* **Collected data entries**
(* The Lyapunov function [lyap] = sum_i x_i^T P x_i has right derivative at
   most [- phi] times the output disagreement sum_ij a_ij |K (x_i - x_j)|^2
   along the active edges, because the coupling enters through a symmetric
   graph Laplacian.  So the states stay bounded, all derivatives are bounded,
   and the disagreement tends to 0: a dwell interval of fixed length on which it
   is large would lower [lyap] by a fixed amount.  Landau's inequality (a small
   function with bounded second derivative has a small derivative), applied on
   dwell intervals, then gives K A^p (x_i - x_j) -> 0 along active edges for
   every p, and observability of (K, A) gives x_i - x_j -> 0 along them.
   Finally, x_u - x_v can drift only slowly in the P-norm, so a difference that
   was small on an edge of the union graph over [t - T, t) is still small at t,
   and a spanning tree of that graph connects all the agents. *)

Section RightDerivative.
Variables (R : realType) (V : normedModType R).
Implicit Types (f g : R -> V) (t : R).

Lemma has_right_deriv_cst (c : V) t : has_right_deriv (fun=> c) t 0.
Proof.
rewrite /has_right_deriv; under eq_fun do rewrite subrr scaler0.
exact: cvg_cst.
Qed.

Lemma has_right_derivD f g t u v :
  has_right_deriv f t u -> has_right_deriv g t v ->
  has_right_deriv (fun s => f s + g s) t (u + v).
Proof.
move=> Hf Hg; rewrite /has_right_deriv.
under eq_fun do rewrite /= opprD addrACA scalerDr.
exact: cvgD.
Qed.

Lemma has_right_derivZ (c : R) f t u :
  has_right_deriv f t u -> has_right_deriv (fun s => c *: f s) t (c *: u).
Proof.
move=> Hf; rewrite /has_right_deriv.
under eq_fun do rewrite -scalerBr scalerA mulrC -scalerA.
exact: cvgZl_tmp.
Qed.

Lemma has_right_derivN f t u :
  has_right_deriv f t u -> has_right_deriv (fun s => - f s) t (- u).
Proof.
move=> /(has_right_derivZ (c := -1)); rewrite scaleN1r.
by under eq_fun do rewrite scaleN1r.
Qed.

Lemma has_right_derivB f g t u v :
  has_right_deriv f t u -> has_right_deriv g t v ->
  has_right_deriv (fun s => f s - g s) t (u - v).
Proof. by move=> Hf /has_right_derivN; apply: has_right_derivD. Qed.

Lemma has_right_deriv_sum (I : Type) (r : seq I) (P : pred I)
    (F : I -> R -> V) (D : I -> V) t :
  (forall i, P i -> has_right_deriv (F i) t (D i)) ->
  has_right_deriv (fun s => \sum_(i <- r | P i) F i s) t (\sum_(i <- r | P i) D i).
Proof.
move=> HF; elim: r => [|i r IH].
  by under eq_fun do rewrite big_nil; rewrite big_nil; apply: has_right_deriv_cst.
under eq_fun do rewrite big_cons; rewrite big_cons.
by case: ifP => Pi; [apply: has_right_derivD (HF i Pi) IH | apply: IH].
Qed.

Lemma has_right_deriv_cvg f t u :
  has_right_deriv f t u -> f (t + h) @[h --> 0^'+] --> f t.
Proof.
move=> Hf; have -> : (fun h => f (t + h)) =
    (fun h => h *: (h^-1 *: (f (t + h) - f t)) + f t).
  apply/funext => h; have [->|h0] := eqVneq h 0; first by rewrite scale0r add0r addr0.
  by rewrite scalerA mulfV // scale1r subrK.
rewrite -[X in _ --> X]add0r; apply: cvgD; last exact: cvg_cst.
rewrite -(scale0r u); apply: cvgZ Hf.
by apply: cvg_at_right_filter; apply: cvg_id.
Qed.

End RightDerivative.

Section RealRightDerivative.
Variable R : realType.
Implicit Types (f g h : R -> R) (a b c t u v w : R).

Lemma has_right_derivMl c f t u :
  has_right_deriv f t u -> has_right_deriv (fun s => c * f s) t (c * u).
Proof. exact: has_right_derivZ. Qed.

Lemma has_right_derivM f g t u v :
  has_right_deriv f t u -> has_right_deriv g t v ->
  has_right_deriv (fun s => f s * g s) t (u * g t + f t * v).
Proof.
move=> Hf Hg; have Cf := has_right_deriv_cvg Hf; rewrite /has_right_deriv.
have -> : (fun s => s^-1 *: (f (t + s) * g (t + s) - f t * g t)) =
    (fun s => (s^-1 *: (f (t + s) - f t)) * g t + f (t + s) * (s^-1 *: (g (t + s) - g t))).
  by apply/funext => s /=; rewrite /GRing.scale /=; ring.
by apply: cvgD; [apply: cvgMr_tmp | apply: cvgM].
Qed.

Lemma has_right_deriv_local_ub f t v M : has_right_deriv f t v -> v < M ->
  exists2 d, 0 < d & forall u, t < u < t + d -> f u - f t < M * (u - t).
Proof.
move=> Hf vM.
have : \forall s \near 0^'+, s^-1 *: (f (t + s) - f t) < M by apply: (cvgr_lt _ Hf).
rewrite near_withinE => /nbhs_ballP [d d0 Hd].
exists d => // u /andP[tu utd]; have ut0 : 0 < u - t by rewrite subr_gt0.
have := Hd (u - t); rewrite /ball /= sub0r normrN gtr0_norm // ltrBlDl.
move=> /(_ utd ut0); rewrite (addrC t) subrK /GRing.scale /=.
by rewrite ltr_pdivrMl // mulrC.
Qed.

Lemma continuous_le_from_left f a c y : a < c -> {for c, continuous f} ->
  (forall u, a < u < c -> f u <= y) -> f c <= y.
Proof.
move=> ac fc fy; suff : [set z | z <= y] (f c) by [].
apply: (closed_cvg _ (@closed_le _ y) _ _ (cvg_at_left_filter fc)); near=> u; apply: fy.
by apply/andP; split; near: u; [apply: nbhs_left_gt | apply: nbhs_left_lt].
Unshelve. all: by end_near.
Qed.

Lemma mean_value_le_eps f a b M e : a <= b -> 0 < e ->
  (forall t, a < t <= b -> {for t, continuous f}) ->
  (forall t, a <= t < b -> exists2 v, has_right_deriv f t v & v <= M) ->
  f b - f a - (M + e) * (b - a) <= e.
Proof.
move=> ab e0 Hc Hd; pose G u := f u - f a - (M + e) * (u - a).
pose S := [set s | a <= s <= b /\ forall u, a <= u <= s -> G u <= e].
have Sa : S a.
  split=> [|u /andP[au ua]]; first by rewrite lexx ab.
  have -> : u = a by apply/eqP; rewrite eq_le ua au.
  by rewrite /G !subrr mulr0 subr0 ltW.
have supS : has_sup S by split; [exists a | exists b => s [/andP[_ ->]]].
pose c := sup S.
have ac : a <= c := sup_upper_bound supS Sa.
have cb : c <= b by apply: ge_sup; [exists a | move=> s [/andP[_ ->]]].
have G_below_c u : a <= u < c -> G u <= e.
  move=> /andP[au uc]; have [s [_ Hs] us] := sup_adherent (ltac:(by rewrite subr_gt0) : 0 < c - u) supS.
  by apply: Hs; rewrite au /=; move: us; rewrite /c; lra.
have Gc : G c <= e.
  have [ca|ac'] := eqVneq c a; first by case: Sa => _; apply; rewrite ca lexx.
  have {ac'} ac' : a < c by rewrite lt_neqAle eq_sym ac' ac.
  apply: (continuous_le_from_left ac') => [|u /andP[au uc]]; last first.
    by apply: G_below_c; rewrite ltW.
  apply: cvgB; first by apply: cvgB; [apply: Hc; rewrite ac' cb | exact: cvg_cst].
  by apply: cvgMl_tmp; apply: cvgB; [exact: cvg_id | exact: cvg_cst].
suff cb' : c = b by move: Gc; rewrite cb'.
apply/eqP; rewrite eq_le cb leNgt; apply/negP => cb'.
have [v Hv vM] := Hd c ltac:(by rewrite ac cb').
have [d d0 Hloc] := has_right_deriv_local_ub Hv (ltac:(lra) : v < M + e).
pose d' := Num.min (d / 2) ((b - c) / 2).
have d'0 : 0 < d' by rewrite lt_min !divr_gt0 // subr_gt0.
have d'd : d' < d by rewrite gt_min ltr_pdivrMr // ltr_pMr // ltr1n.
have d'bc : d' < b - c by rewrite gt_min orbC ltr_pdivrMr ?subr_gt0 // ltr_pMr ?subr_gt0 // ltr1n.
have : S (c + d').
  split=> [|u /andP[au ucd]]; first by apply/andP; split; lra.
  have [uc|cu] := ltP u c; first by apply: G_below_c; rewrite au uc.
  have [->//|cu'] := eqVneq u c.
  have {cu'} cu : c < u by rewrite lt_neqAle eq_sym cu' cu.
  have := Hloc u ltac:(by apply/andP; split; lra).
  by move: Gc; rewrite /G; lra.
by move=> /(sup_upper_bound supS); rewrite -/c; lra.
Qed.
Lemma irk_step_decay (y : C -> C) :
  bounded_at_infty y -> decays_at_infty (fun z => irk_step A b M z (y z)).
Proof.
move=> hy; have hr i : bounded_at_infty (fun z => (const_mx (y z) : 'cV[C]_s.+1) i 0).
  by apply: eq_bounded_at_infty hy => z; rewrite mxE.
apply: near_eq_decays_at_infty (stages_decay hr ord_max).
by apply: near_infty_mono near_infty_resolvent_unitmx => z /irk_step_last_stage ->.
Qed.

Lemma corr_step_decay (old : C -> nat -> C) (y : C -> C) m :
  (forall j, decays_at_infty (fun z => old z j.+1)) -> bounded_at_infty y ->
  decays_at_infty (fun z => corr_step A b c M z (old z) m (y z)).
Proof.
move=> hold hy.
have hSc_bounded i : bounded_at_infty (fun z => hSc c M z (old z) m i).
  apply: bounded_at_infty_sum => j; apply: bounded_at_inftyM (bounded_at_infty_cst _).
  exact: bounded_w_mul.
have hP_bounded i : bounded_at_infty (fun z => hP c M z (old z) m i).
  apply: bounded_at_infty_sum => j; apply: bounded_at_inftyM (bounded_at_infty_cst _).
  exact: bounded_w_mul.
pose r z := \col_i (y z + hSc c M z (old z) m i) - A *m \col_i hP c M z (old z) m i.
have hr i : bounded_at_infty (fun z => r z i 0).
  apply: (@eq_bounded_at_infty _
     (fun z => y z + hSc c M z (old z) m i - \sum_k A i k * hP c M z (old z) m k)).
    by move=> z; rewrite !mxE; congr (_ - _); apply: eq_bigr => k _; rewrite mxE.
  apply: bounded_at_inftyB; first exact: bounded_at_inftyD.
  by apply: bounded_at_infty_sum => k; apply: bounded_at_inftyM (bounded_at_infty_cst _) _.
apply: near_eq_decays_at_infty (stages_decay hr ord_max).
by apply: near_infty_mono near_infty_resolvent_unitmx => z /corr_step_last_stage ->.
Qed.

Lemma predict_decay m : decays_at_infty (fun z => predict A b M z m.+1).
Proof.
elim: m => [|m IH]; apply: irk_step_decay.
  exact: bounded_at_infty_cst.
exact: decays_bounded_at_infty.
Qed.

Lemma correct_decay (old : C -> nat -> C) :
  (forall j, decays_at_infty (fun z => old z j.+1)) ->
  forall m, decays_at_infty (fun z => correct A b c M z (old z) m.+1).
Proof.
move=> hold; elim=> [|m IH]; apply: corr_step_decay => //.
  exact: bounded_at_infty_cst.
exact: decays_bounded_at_infty.
Qed.

Lemma sweep_decay k m : (0 < m)%N -> decays_at_infty (fun z => sweep A b c M z k m).
Proof.
elim: k m => [|k IH] [|m] // _; first exact: predict_decay.
by apply: correct_decay => j; apply: IH.
Qed.

End InDCDecay.

Unset Implicit Arguments.
Set Strict Implicit.

Theorem proposition5p1 (C : numClosedFieldType) (s : nat)
  (A : 'M[C]_s.+1) (b c : 'rV[C]_s.+1) (M K : nat) :
  (0 < M)%N ->
  (forall i j, A i j \is Num.real) ->
  (forall j, b 0 j \is Num.real) ->
  (forall i, c 0 i \is Num.real) ->
  (forall i, c 0 i = \sum_(j < s.+1) A i j) ->
  \sum_(j < s.+1) b 0 j = 1 ->
  A \in unitmx ->
  (forall j, b 0 j = A ord_max j) ->
  lim_infty_zero (stabfun A b c M K) /\
  (Astable (stabfun A b c M K) -> Lstable (stabfun A b c M K)).
Proof.
move=> M_gt0 _ _ _ c_row_sum b_sum1 A_unit stiffly_accurate.
have lim0 : lim_infty_zero (stabfun A b c M K).
  apply: decays_lim_infty_zero.
  exact: (sweep_decay M_gt0 A_unit c_row_sum b_sum1 stiffly_accurate K M_gt0).
by split=> // Astab; split.
Qed.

* **EXERCISE GOAL**
Only one thing belongs in the answer: the number of lines of the data that contain the string "case".

* **SOLVED EXERCISE**
2